(* For any subset $S\subseteq V$ with $T\subseteq S$ and $|S|\le 0.49n$, we have $\hat c(\delta_{\hat G}(S))\ge \hat c(\delta_{\hat G}(S\cup V_T))$.
   Context: All logarithms are base 2. Let $n$ be a large even integer, $V$ a set of $n$ vertices, $G=(V,E)$ a 10-regular multigraph on $V$ (the union of 10 perfect matchings); $\mathrm{dist}_G$ is hop distance. Fix a small constant $\varepsilon>0$, $\alpha=\frac{\log 5}{\log 5+1-\varepsilon}$, and a terminal set $T\subseteq V$ of size $\lfloor n/2^{(\log n)^\alpha}\rfloor$. For $i\ge 0$ let $N_i=\{u:\min_{t\in T}\mathrm{dist}_G(u,t)=i\}$ and $B_i=N_0\cup\dots\cup N_i$; let $m=\lfloor 10n/(\log n)^\alpha\rfloor$, $r=\min\{i:|B_i|\ge 2m\}-1$ and $V_T=B_r$. Let $E_{r+1}$ be the set of edges between $N_r$ and $N_{r+1}$. Build an edge set $E_T$ with values $c'$: for each $u\in N_r$, let $E_u$ be the set of edges of $E_{r+1}$ incident to $u$, pick an arbitrary edge $e_u$ from $u$ to a vertex of $N_{r-1}$, and add $e_u$ to $E_T$ with $c'(e_u)=|E_u|$; then for $i=r-1,\dots,1$ in turn, for each $u\in N_i$ let $E_u$ be the set of edges currently in $E_T$ incident to $u$, pick an arbitrary edge $e_u$ from $u$ to a vertex of $N_{i-1}$, and add it to $E_T$ with $c'(e_u)=\sum_{e\in E_u}c'(e)$. Define $\hat G=(V,\hat E,\hat c)$ by $\hat E=E\setminus E'$ where $E'$ is the set of edges of $G$ with both endpoints in $V_T$ that are not in $E_T$; $\hat c(e)=c'(e)$ for $e\in E_T$ and $\hat c(e)=1$ otherwise. For $S\subseteq V$, $\delta_{\hat G}(S)$ is the set of edges of $\hat G$ with exactly one endpoint in $S$, and $\hat c$ of an edge set is the sum of capacities. *)

From HB Require Import structures.
From mathcomp Require Import all_boot.
From Stdlib Require Import Reals.

Set Implicit Arguments.
Unset Strict Implicit.
Unset Printing Implicit Defensive.

Definition log2 (x : R) : R := Rdiv (ln x) (ln 2).

Definition alpha (eps : R) : R :=
  Rdiv (log2 5) (Rminus (Rplus (log2 5) 1) eps).

Definition is_T_size (eps : R) (n t : nat) : Prop :=
  let x := Rdiv (INR n) (Rpower 2 (Rpower (log2 (INR n)) (alpha eps))) in
  Rle (INR t) x /\ Rlt x (Rplus (INR t) 1).

Definition is_m (eps : R) (n m : nat) : Prop :=
  let x := Rdiv (Rmult 10 (INR n)) (Rpower (log2 (INR n)) (alpha eps)) in
  Rle (INR m) x /\ Rlt x (Rplus (INR m) 1).

Section Graph.
Variable V : finType.
(* G is the union of 10 perfect matchings M k (fixed-point-free involutions).
   The edge of matching k at u is represented by the pair (k, u) (equivalently
   (k, M k u)). *)
Variable M : 'I_10 -> V -> V.
Variable T : {set V}.

Definition adj : rel V := fun u v => [exists k : 'I_10, M k u == v].

Definition within (i : nat) (u : V) : bool :=
  [exists j : 'I_i.+1, [exists p : (nat_of_ord j).-tuple V,
     path adj u p && (last u p \in T)]].

Definition Bset (i : nat) : {set V} := [set u | within i u].

Definition inN (i : nat) (u : V) : bool :=
  within i u && ((i == 0) || ~~ within i.-1 u).

Variable r : nat.

Definition VT : {set V} := Bset r.

Definition distT (u : V) : nat := find (fun i => within i u) (iota 0 r.+1).

(* par u : the matching index of the chosen edge e_u (from u to N_{i-1}) *)
Variable par : V -> 'I_10.

(* the edge (k, w) is the chosen edge e_w of w, for w \in N_i, 1 <= i <= r *)
Definition isPar (k : 'I_10) (w : V) : bool :=
  [&& w \in VT, w \notin T & par w == k].

(* |E_u| for u in N_r : number of edges of E_{r+1} incident to u *)
Definition degE (u : V) : nat := #|[set k : 'I_10 | inN r.+1 (M k u)]|.

(* capj j u = c'(e_u) for u in N_{r-j} *)
Fixpoint capj (j : nat) (u : V) : nat :=
  match j with
  | 0 => degE u
  | j'.+1 => \sum_(w | inN (r - j') w && (M (par w) w == u)) capj j' w
  end.

Definition cap (u : V) : nat := capj (r - distT u) u.

Definition inET (k : 'I_10) (u : V) : bool := isPar k u || isPar k (M k u).

Definition inEhat (k : 'I_10) (u : V) : bool :=
  ~~ ((u \in VT) && (M k u \in VT)) || inET k u.

Definition chat (k : 'I_10) (u : V) : nat :=
  if isPar k u then cap u else if isPar k (M k u) then cap (M k u) else 1.

(* \hat c (delta_{\hat G}(S)) : each crossing edge (k,{u, M k u}) is counted
   once, through its endpoint u inside S *)
Definition cutcap (S : {set V}) : nat :=
  \sum_(p : 'I_10 * V | [&& p.2 \in S, M p.1 p.2 \notin S & inEhat p.1 p.2])
     chat p.1 p.2.

End Graph.

(* The capacities are built so that each vertex w of V_T \ T forwards down its
   tree edge e_w everything it receives: one unit for each edge leaving V_T at w,
   plus c'(e_c) for each child c.  Passing from S to S ∪ V_T removes from the cut
   the tree edges e_w from U = V_T \ S into S and adds at most the edges leaving
   V_T from U; summing the forwarding inequality over U telescopes and shows that
   the removed capacity pays for the added edges. *)

From Pilot Require Import Defs.
From HB Require Import structures.
From mathcomp Require Import all_boot zify.
From Stdlib Require Import Reals.

Set Implicit Arguments.
Unset Strict Implicit.
Unset Printing Implicit Defensive.

Lemma sub_leq_sum (I : Type) (s : seq I) (P P' : pred I) (F : I -> nat) :
  (forall i, P i -> P' i) -> \sum_(i <- s | P i) F i <= \sum_(i <- s | P' i) F i.
Proof. exact: (sub_le_big (op := addn) leqnn (fun m n => leq_addr n m)). Qed.

Section Telescoping.

Variables (V : finType) (M : 'I_10 -> V -> V) (T : {set V}) (r : nat).
Variable par : V -> 'I_10.

Local Notation within := (within M T).
Local Notation inN := (inN M T).
Local Notation VT := (VT M T r).
Local Notation dist := (distT M T r).
Local Notation parent w := (M (par w) w).
Local Notation cap := (cap M T r par).
Local Notation isPar := (isPar M T r par).
Local Notation chat := (chat M T r par).
Local Notation inEhat := (inEhat M T r par).
Local Notation cutcap := (cutcap M T r par).

Definition exits (u : V) : nat := #|[set k : 'I_10 | M k u \notin VT]|.

Definition child (w c : V) : bool := [&& c \in VT, c \notin T & parent c == w].

Lemma within0 u : within 0 u = (u \in T).
Proof.
apply/existsP/idP => [[j /existsP[p /andP[_]]] | uT].
  by case: j p => -[|//] ? p; rewrite (tuple0 p).
by exists ord0; apply/existsP; exists [tuple]; rewrite /= uT.
Qed.

Lemma within_mono a b u : a <= b -> within a u -> within b u.
Proof.
by move=> le_ab /existsP[j Hj]; apply/existsP; exists (widen_ord (le_ab : a.+1 <= b.+1) j).
Qed.

Lemma within_adj a k u : within a (M k u) -> within a.+1 u.
Proof.
move=> /existsP[j /existsP[p /andP[Hp Hl]]]; apply/existsP.
exists (Ordinal (ltn_ord j : j.+1 < a.+2)); apply/existsP.
exists [tuple of M k u :: p]; rewrite /= Hp Hl !andbT.
by apply/existsP; exists k.
Qed.

Lemma mem_VT u : (u \in VT) = within r u.
Proof. by rewrite inE. Qed.

Lemma distTP u : u \in VT ->
  [/\ dist u <= r, within (dist u) u & forall j, j < dist u -> ~~ within j u].
Proof.
rewrite mem_VT => Hr.
have has_r : has (within^~ u) (iota 0 r.+1).
  by apply/hasP; exists r; rewrite // mem_iota add0n ltnSn.
have lt_dist := has_r; rewrite has_find size_iota in lt_dist.
split; first by rewrite -ltnS.
  have := nth_find 0 has_r; rewrite nth_iota //.
move=> j lt_j; have := before_find 0 lt_j.
by rewrite nth_iota ?add0n ?(ltn_trans lt_j) // => ->.
Qed.

Lemma inN_distT a u : a <= r -> inN a u -> dist u = a.
Proof.
move=> le_ar /andP[Ha Hprev].
have [_ Hd Hmin] := distTP (etrans (mem_VT u) (within_mono le_ar Ha)).
apply/eqP; rewrite eqn_leq leqNgt (contraTN (Hmin a) Ha) /=.
case: a Hprev {le_ar Ha} => [//|a] /= Ha.
by rewrite ltnNge; apply: contra Ha => /within_mono; apply.
Qed.

Lemma inN_distT_self u : u \in VT -> inN (dist u) u.
Proof.
move=> /distTP[_ Hd Hmin]; rewrite /Defs.inN Hd /=.
by case: (dist u) Hmin => [//|d] /= ->.
Qed.

Hypothesis M_invol : forall k u, M k (M k u) = u.
Hypothesis par_down :
  forall u, u \in VT -> u \notin T -> inN (dist u).-1 (parent u).

Lemma parentP c : c \in VT -> c \notin T ->
  [/\ 0 < dist c, parent c \in VT & dist (parent c) = (dist c).-1].
Proof.
move=> cVT cT; have /andP[Hp _] := par_down cVT cT.
have [le_r Hd _] := distTP cVT.
have dist_gt0 : 0 < dist c.
  by rewrite lt0n; apply: contraNneq cT => d0; rewrite -within0 -d0.
have le_pred : (dist c).-1 <= r by rewrite (leq_trans (leq_pred _)).
split=> //; first by rewrite mem_VT (within_mono le_pred Hp).
exact: inN_distT le_pred (par_down cVT cT).
Qed.

Lemma distT_child w c : child w c -> dist c = (dist w).+1.
Proof.
case/and3P=> cVT cT /eqP <-; have [d_gt0 _ ->] := parentP cVT cT.
by rewrite prednK.
Qed.

Lemma exits_interior w : w \in VT -> dist w < r -> exits w = 0.
Proof.
move=> /distTP[_ Hd _] lt_r; apply/eqP; rewrite cards_eq0; apply/eqP/setP => k.
rewrite !inE; apply/negbTE; rewrite negbK (within_mono lt_r) //.
by apply: (within_adj (k := k)); rewrite M_invol.
Qed.

Lemma sum_child_cap_interior w :
  dist w < r -> \sum_(c | child w c) cap c <= cap w.
Proof.
move=> lt_r; rewrite {2}/Defs.cap -(subnSK lt_r) /=.
have -> : r - (r - (dist w).+1) = (dist w).+1 by rewrite subKn.
rewrite (eq_bigr (capj M T r par (r - (dist w).+1))); last first.
  by move=> c /distT_child d_c; rewrite /Defs.cap d_c.
apply: sub_leq_sum => c child_c.
rewrite -(distT_child child_c) inN_distT_self; last by case/andP: child_c.
by case/and3P: child_c.
Qed.

Lemma exits_boundary w : w \in VT -> dist w = r -> exits w <= cap w.
Proof.
move=> /distTP[_ Hd _] d_r; rewrite /Defs.cap d_r subnn /=.
apply/subset_leq_card/subsetP => k; rewrite !inE => out_k.
rewrite /Defs.inN /= out_k andbT.
by apply: (within_adj (k := k)); rewrite M_invol -d_r.
Qed.

Lemma no_child_boundary w c : dist w = r -> ~~ child w c.
Proof.
move=> d_r; apply/negP => child_c; have /distTP[le_r _ _] : c \in VT.
  by case/andP: child_c.
by rewrite (distT_child child_c) d_r ltnn in le_r.
Qed.

Lemma exits_child_cap_le w :
  w \in VT -> exits w + \sum_(c | child w c) cap c <= cap w.
Proof.
move=> wVT; have [le_r _ _] := distTP wVT.
case: (ltngtP (dist w) r) le_r => [lt_r _ | //| d_r _].
  by rewrite exits_interior // sum_child_cap_interior.
rewrite big_pred0 ?addn0 ?exits_boundary // => c.
exact/negbTE/no_child_boundary.
Qed.

Lemma sum_exits_le (U : {set V}) : U \subset VT -> [disjoint U & T] ->
  \sum_(u in U) exits u <= \sum_(w in U | parent w \notin U) cap w.
Proof.
move=> /subsetP sub_UVT disj_UT.
have child_sum w : w \in U ->
    exits w + \sum_(c in U | parent c == w) cap c <= cap w.
  move=> wU; apply: leq_trans (exits_child_cap_le (sub_UVT w wU)).
  rewrite leq_add2l; apply: sub_leq_sum => c /andP[cU par_cw].
  by rewrite /child par_cw sub_UVT // (disjointFr disj_UT cU).
have children_in_U : \sum_(w in U) \sum_(c in U | parent c == w) cap c
    = \sum_(c in U | parent c \in U) cap c.
  rewrite [RHS](partition_big (fun c => parent c) (mem U)) /=; last first.
    by move=> c /andP[].
  apply: eq_bigr => w wU; apply: eq_bigl => c.
  by case: eqP => [->|]; rewrite ?wU ?andbT ?andbF.
have : \sum_(w in U) (exits w + \sum_(c in U | parent c == w) cap c)
    <= \sum_(w in U) cap w by exact: leq_sum.
rewrite big_split /= children_in_U.
by rewrite [X in _ <= X -> _](bigID (fun w => parent w \in U)) /=; lia.
Qed.

Lemma chat_exit k u : u \in VT -> M k u \notin VT -> chat k u = 1.
Proof.
move=> uVT out_k; rewrite /Defs.chat /Defs.isPar (negbTE out_k) /=.
case: ifP => // /and3P[_ uT /eqP par_u].
by have [_ + _] := parentP uVT uT; rewrite par_u (negbTE out_k).
Qed.

Lemma chat_tree_edge k u : isPar k (M k u) -> chat k u = cap (M k u).
Proof.
move=> par_ku; rewrite /Defs.chat par_ku; case: ifP => // /and3P[uVT uT /eqP par_u].
case/and3P: par_ku => vVT vT /eqP par_v.
have [du_gt0 _ du] := parentP uVT uT; rewrite par_u in du.
have [dv_gt0 _ dv] := parentP vVT vT; rewrite par_v M_invol in dv.
lia.
Qed.

Lemma sum_exits_pairs (A : {set V}) :
  \sum_(p : 'I_10 * V | (p.2 \in A) && (M p.1 p.2 \notin VT)) 1
  = \sum_(u in A) exits u.
Proof.
under [RHS]eq_bigr do rewrite /exits -sum1dep_card.
by rewrite (exchange_big_dep predT) //= pair_big_dep.
Qed.

Definition cutcap_outside_VT (S : {set V}) : nat :=
  \sum_(p : 'I_10 * V | [&& p.2 \in S, M p.1 p.2 \notin S :|: VT & inEhat p.1 p.2])
    chat p.1 p.2.

Lemma cutcap_setU_VT_le (S : {set V}) :
  cutcap (S :|: VT) <= cutcap_outside_VT S + \sum_(u in VT :\: S) exits u.
Proof.
rewrite /Defs.cutcap (bigID (fun p => p.2 \in S)) /= leq_add //.
  apply/eq_leq/eq_bigl => -[k u] /=.
  by rewrite in_setU andbC; case: (u \in S); rewrite //= andbF.
rewrite -sum_exits_pairs.
apply: (@leq_trans (\sum_(p | (p.2 \in VT :\: S) && (M p.1 p.2 \notin VT)) chat p.1 p.2)).
  apply: sub_leq_sum => -[k u] /=.
  rewrite in_setU in_setD in_setU andbC.
  by case: (u \in S); case: (u \in VT); case: (M k u \in S); case: (M k u \in VT).
apply/eq_leq/eq_bigr => -[k u] /= /andP[]; rewrite inE => /andP[_ uVT] out_k.
exact: chat_exit.
Qed.

Lemma sum_tree_edges_le_cutcap (S : {set V}) : T \subset S ->
  \sum_(w in VT :\: S | parent w \in S) cap w
  <= \sum_(p | [&& p.2 \in S, M p.1 p.2 \notin S & inEhat p.1 p.2] && (M p.1 p.2 \in VT))
       chat p.1 p.2.
Proof.
move=> /subsetP sub_TS.
apply: (@leq_trans (\sum_(p | [&& p.2 \in S, isPar p.1 (M p.1 p.2) & M p.1 p.2 \notin S])
                      chat p.1 p.2)); last first.
  apply: sub_leq_sum => -[k u] /= /and3P[uS par_ku vS].
  by rewrite uS vS /Defs.inEhat /Defs.inET par_ku !orbT; case/and3P: par_ku.
rewrite (eq_bigr (fun p => cap (M p.1 p.2))); last first.
  by move=> -[k u] /and3P[_ par_ku _]; rewrite chat_tree_edge.
rewrite (reindex_onto (fun w => (par w, parent w)) (fun p => M p.1 p.2)) /=; last first.
  by move=> -[k u] /= /and3P[_ /and3P[_ _ /eqP ->] _]; rewrite M_invol.
apply/eq_leq/eq_big => w; last by rewrite M_invol.
rewrite /Defs.isPar M_invol !eqxx !andbT in_setD.
case wS: (w \in S); first by rewrite !andbF.
by rewrite (contraFN (sub_TS w) wS) !andbT andbC.
Qed.

Lemma cutcap_ge (S : {set V}) : T \subset S ->
  cutcap_outside_VT S + \sum_(w in VT :\: S | parent w \in S) cap w <= cutcap S.
Proof.
move=> sub_TS; rewrite /Defs.cutcap (bigID (fun p => M p.1 p.2 \in VT)) /=.
rewrite addnC leq_add ?sum_tree_edges_le_cutcap //.
apply/eq_leq/eq_bigl => -[k u] /=; rewrite in_setU negb_or.
by case: (u \in S); case: (M k u \in S); case: (M k u \in VT); rewrite /= ?andbT ?andbF.
Qed.

Lemma sum_exits_le_tree_edges (S : {set V}) : T \subset S ->
  \sum_(u in VT :\: S) exits u <= \sum_(w in VT :\: S | parent w \in S) cap w.
Proof.
move=> sub_TS; have disj : [disjoint VT :\: S & T].
  by rewrite disjoints_subset setDE subIset // setCS sub_TS orbT.
apply: leq_trans (sum_exits_le (subsetDl _ _) disj) _.
apply/eq_leq/eq_bigl => w; case wU: (w \in VT :\: S) => //=.
have [wVT wT] : w \in VT /\ w \notin T.
  by move: wU; rewrite in_setD => /andP[wS ->]; rewrite (contra (subsetP sub_TS w)).
by have [_ pVT _] := parentP wVT wT; rewrite in_setD pVT andbT negbK.
Qed.

End Telescoping.

Theorem lemma3p10 :
  exists eps0 : R, Rlt 0 eps0 /\
  forall eps : R, Rlt 0 eps -> Rlt eps eps0 ->
  exists N0 : nat, forall n : nat, N0 <= n -> ~~ odd n ->
  forall (V : finType) (M : 'I_10 -> V -> V),
    #|V| = n ->
    (forall k u, M k (M k u) = u) ->
    (forall k u, M k u != u) ->
  forall T : {set V}, is_T_size eps n #|T| ->
  forall m : nat, is_m eps n m ->
  forall r : nat,
    (* r + 1 = min { i : |B_i| >= 2m } *)
    2 * m <= #|Bset M T r.+1| ->
    (forall i, i <= r -> #|Bset M T i| < 2 * m) ->
  forall par : V -> 'I_10,
    (* e_u goes from u \in N_i (1 <= i <= r) to a vertex of N_{i-1} *)
    (forall u, u \in VT M T r -> u \notin T ->
       inN M T (distT M T r u).-1 (M (par u) u)) ->
  forall S : {set V}, T \subset S -> 100 * #|S| <= 49 * n ->
    cutcap M T r par (S :|: VT M T r) <= cutcap M T r par S.
Proof.
exists 1%R; split; first exact: Rlt_0_1.
move=> eps _ _; exists 0 => n _ _ V M _ M_invol _ T _ m _ r _ _ par par_down.
move=> S sub_TS _.
apply: leq_trans (cutcap_setU_VT_le par_down S) _.
apply: leq_trans (cutcap_ge M_invol par_down sub_TS).
by rewrite leq_add2l sum_exits_le_tree_edges.
Qed.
++++++
▸ Directions for this task:
The first line of the listing above through the line containing "Context: All logarithms": print exactly that, both ends included.

▸ Output for this task:
(* For any subset $S\subseteq V$ with $T\subseteq S$ and $|S|\le 0.49n$, we have $\hat c(\delta_{\hat G}(S))\ge \hat c(\delta_{\hat G}(S\cup V_T))$.
   Context: All logarithms are base 2. Let $n$ be a large even integer, $V$ a set of $n$ vertices, $G=(V,E)$ a 10-regular multigraph on $V$ (the union of 10 perfect matchings); $\mathrm{dist}_G$ is hop distance. Fix a small constant $\varepsilon>0$, $\alpha=\frac{\log 5}{\log 5+1-\varepsilon}$, and a terminal set $T\subseteq V$ of size $\lfloor n/2^{(\log n)^\alpha}\rfloor$. For $i\ge 0$ let $N_i=\{u:\min_{t\in T}\mathrm{dist}_G(u,t)=i\}$ and $B_i=N_0\cup\dots\cup N_i$; let $m=\lfloor 10n/(\log n)^\alpha\rfloor$, $r=\min\{i:|B_i|\ge 2m\}-1$ and $V_T=B_r$. Let $E_{r+1}$ be the set of edges between $N_r$ and $N_{r+1}$. Build an edge set $E_T$ with values $c'$: for each $u\in N_r$, let $E_u$ be the set of edges of $E_{r+1}$ incident to $u$, pick an arbitrary edge $e_u$ from $u$ to a vertex of $N_{r-1}$, and add $e_u$ to $E_T$ with $c'(e_u)=|E_u|$; then for $i=r-1,\dots,1$ in turn, for each $u\in N_i$ let $E_u$ be the set of edges currently in $E_T$ incident to $u$, pick an arbitrary edge $e_u$ from $u$ to a vertex of $N_{i-1}$, and add it to $E_T$ with $c'(e_u)=\sum_{e\in E_u}c'(e)$. Define $\hat G=(V,\hat E,\hat c)$ by $\hat E=E\setminus E'$ where $E'$ is the set of edges of $G$ with both endpoints in $V_T$ that are not in $E_T$; $\hat c(e)=c'(e)$ for $e\in E_T$ and $\hat c(e)=1$ otherwise. For $S\subseteq V$, $\delta_{\hat G}(S)$ is the set of edges of $\hat G$ with exactly one endpoint in $S$, and $\hat c$ of an edge set is the sum of capacities. *)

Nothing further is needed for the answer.